The low-hanging fruit here is that this question disingenuous at best and asinine at worst. "Why do you hate Magic so much? Why do you feel like you have to whine and complain about every little thing that you don't agree with constantly? You clearly don't care about the people who work on this game at all." This is the inverse statement. Please stop with this hyperbolic nonsense.
Okay, now that that's out of the way.
Fact: Magic is unreasonably expensive. As of writing this, Elesh Norn, Mother of Machines is $40 market price on TCGPlayer. This is unreasonable.

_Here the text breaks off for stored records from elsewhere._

(* Let $d\ge 1$, $T\in\mathbb{Q}^d_{\ge 0}$, and let $\mathcal{V}_L\subseteq\mathbb{Q}^d_{\ge 0}$ be a finite set that is 3-incompatible with respect to $T$. Let $m$ be an integer with $|\mathcal{V}_L|/2\le m\le|\mathcal{V}_L|$ and set $C_2=|\mathcal{V}_L|-m$. Let $0\le p\le m$ and let $s(1),\dots,s(p)\in\mathbb{Q}^d_{\ge 0}$ with $s(i)\le T$ componentwise. Consider $m$ containers: for $i\in\{1,\dots,p\}$ a container of capacity $s(i)$, and $m-p$ further containers of capacity $T$. Let $\mathcal{C}=\{1,\dots,p\}$ if $p=m$, and $\mathcal{C}=\{1,\dots,p\}\cup\{\top\}$ with $s(\top)=T$ if $p<m$. Build the graph $G$ with vertex set $\mathcal{V}_L\cup\mathcal{V}_L'\cup\mathcal{B}$, where $\mathcal{V}_L'=\{v'\mid v\in\mathcal{V}_L\}$ is a set of new copies and $\mathcal{B}$ is a set of $2C_2$ new vertices; for each $c\in\mathcal{C}$ let $E_c=\{\{u,v\}\mid u\neq v\in\mathcal{V}_L,\ u+v\le s(c)\}\cup\{\{v,v'\}\mid v\in\mathcal{V}_L,\ v\le s(c)\}$ (inequalities componentwise), let $E_\bot=\{\{v',b\}\mid v'\in\mathcal{V}_L',b\in\mathcal{B}\}$, and $E(G)=E_\bot\cup\bigcup_{c\in\mathcal{C}}E_c$. Let the color set be $\mathcal{C}'=\mathcal{C}\cup\{\bot\}$ if $C_2>0$ and $\mathcal{C}'=\mathcal{C}$ if $C_2=0$, let $\lambda(e)=\{c\in\mathcal{C}'\mid e\in E_c\}$, $\gamma(e,c)=1$ for all $e$ and $c\in\lambda(e)$, and $\ell=|\mathcal{V}_L|+C_2$. Then there is an assignment of all vectors of $\mathcal{V}_L$ to the $m$ containers such that every container receives at least one vector and the sum of the vectors in each container is componentwise at most its capacity if and only if $(G,\mathcal{C}',\lambda,\gamma,\ell)$ is a ''yes''-instance of Perfect Over-The-Rainbow Matching.
   Context: A set $\mathcal{V}'\subseteq\mathbb{Q}^d_{\ge 0}$ is 3-incompatible with respect to $T$ if for any three distinct $u,v,w\in\mathcal{V}'$ there is a coordinate $j$ with $u^j+v^j+w^j>T^j$. Perfect Over-The-Rainbow Matching: given a graph $G$, a color set $\mathcal{C}'$, $\lambda:E(G)\to 2^{\mathcal{C}'}\setminus\{\emptyset\}$, weights $\gamma(e,c)\ge 0$ for $c\in\lambda(e)$, and a number $\ell$, the instance is a ''yes''-instance iff there exist a perfect matching $M$ of $G$ and a surjective map $\xi:M\to\mathcal{C}'$ with $\xi(e)\in\lambda(e)$ for all $e\in M$ and $\sum_{e\in M}\gamma(e,\xi(e))\le\ell$. *)

From HB Require Import structures.
From mathcomp Require Import all_boot all_order all_algebra.
Set Implicit Arguments. Unset Strict Implicit. Unset Printing Implicit Defensive.
Import Order.TTheory GRing.Theory Num.Theory.
Local Open Scope ring_scope.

Fact: This is not new. In 1994, a pack of Revised was $2.49. The local shop sold Revised Shivan Dragon, arguably the chase rare of the set, for $20. This was unreasonable. Adjusted for inflation, this would be $5.09 for a pack today, and $40.72 for a Shivan Dragon today, which is approximately the price of packs and chase rares today. Everyone's favorite Standard, original Ravnica Standard in 2006, had $20 shock lands that everyone needed twelve of for their 3 color decks. This was unreasonable. We were in the middle of the goddamn Great Recession, and Jace, The Mindsculptor was pushing $100. This was unreasonable. That MH2 has how many mythic rare staples is unreasonable. But ultimately we're talking about cardboard with a picture of a dragon on it and rules text, if you tell any "normies" that this card is $20, or $10, or even $5, they're gonna look at you like you're nuts! It's absurd to explain the value of cards to people! This game is, always has, and always will be unreasonable.
So yes, there are special treatments. But go back to 1998, and look at what Urza's Destiny foils were selling for. The prices for foil Ring of Gix make everything that's not Neon Ink or Numbered look cheap in comparison. And Ring of Gix was unplayable. Again, *this is not new.*
Why is it *now* all of a sudden, that the game is *truly* unreasonable?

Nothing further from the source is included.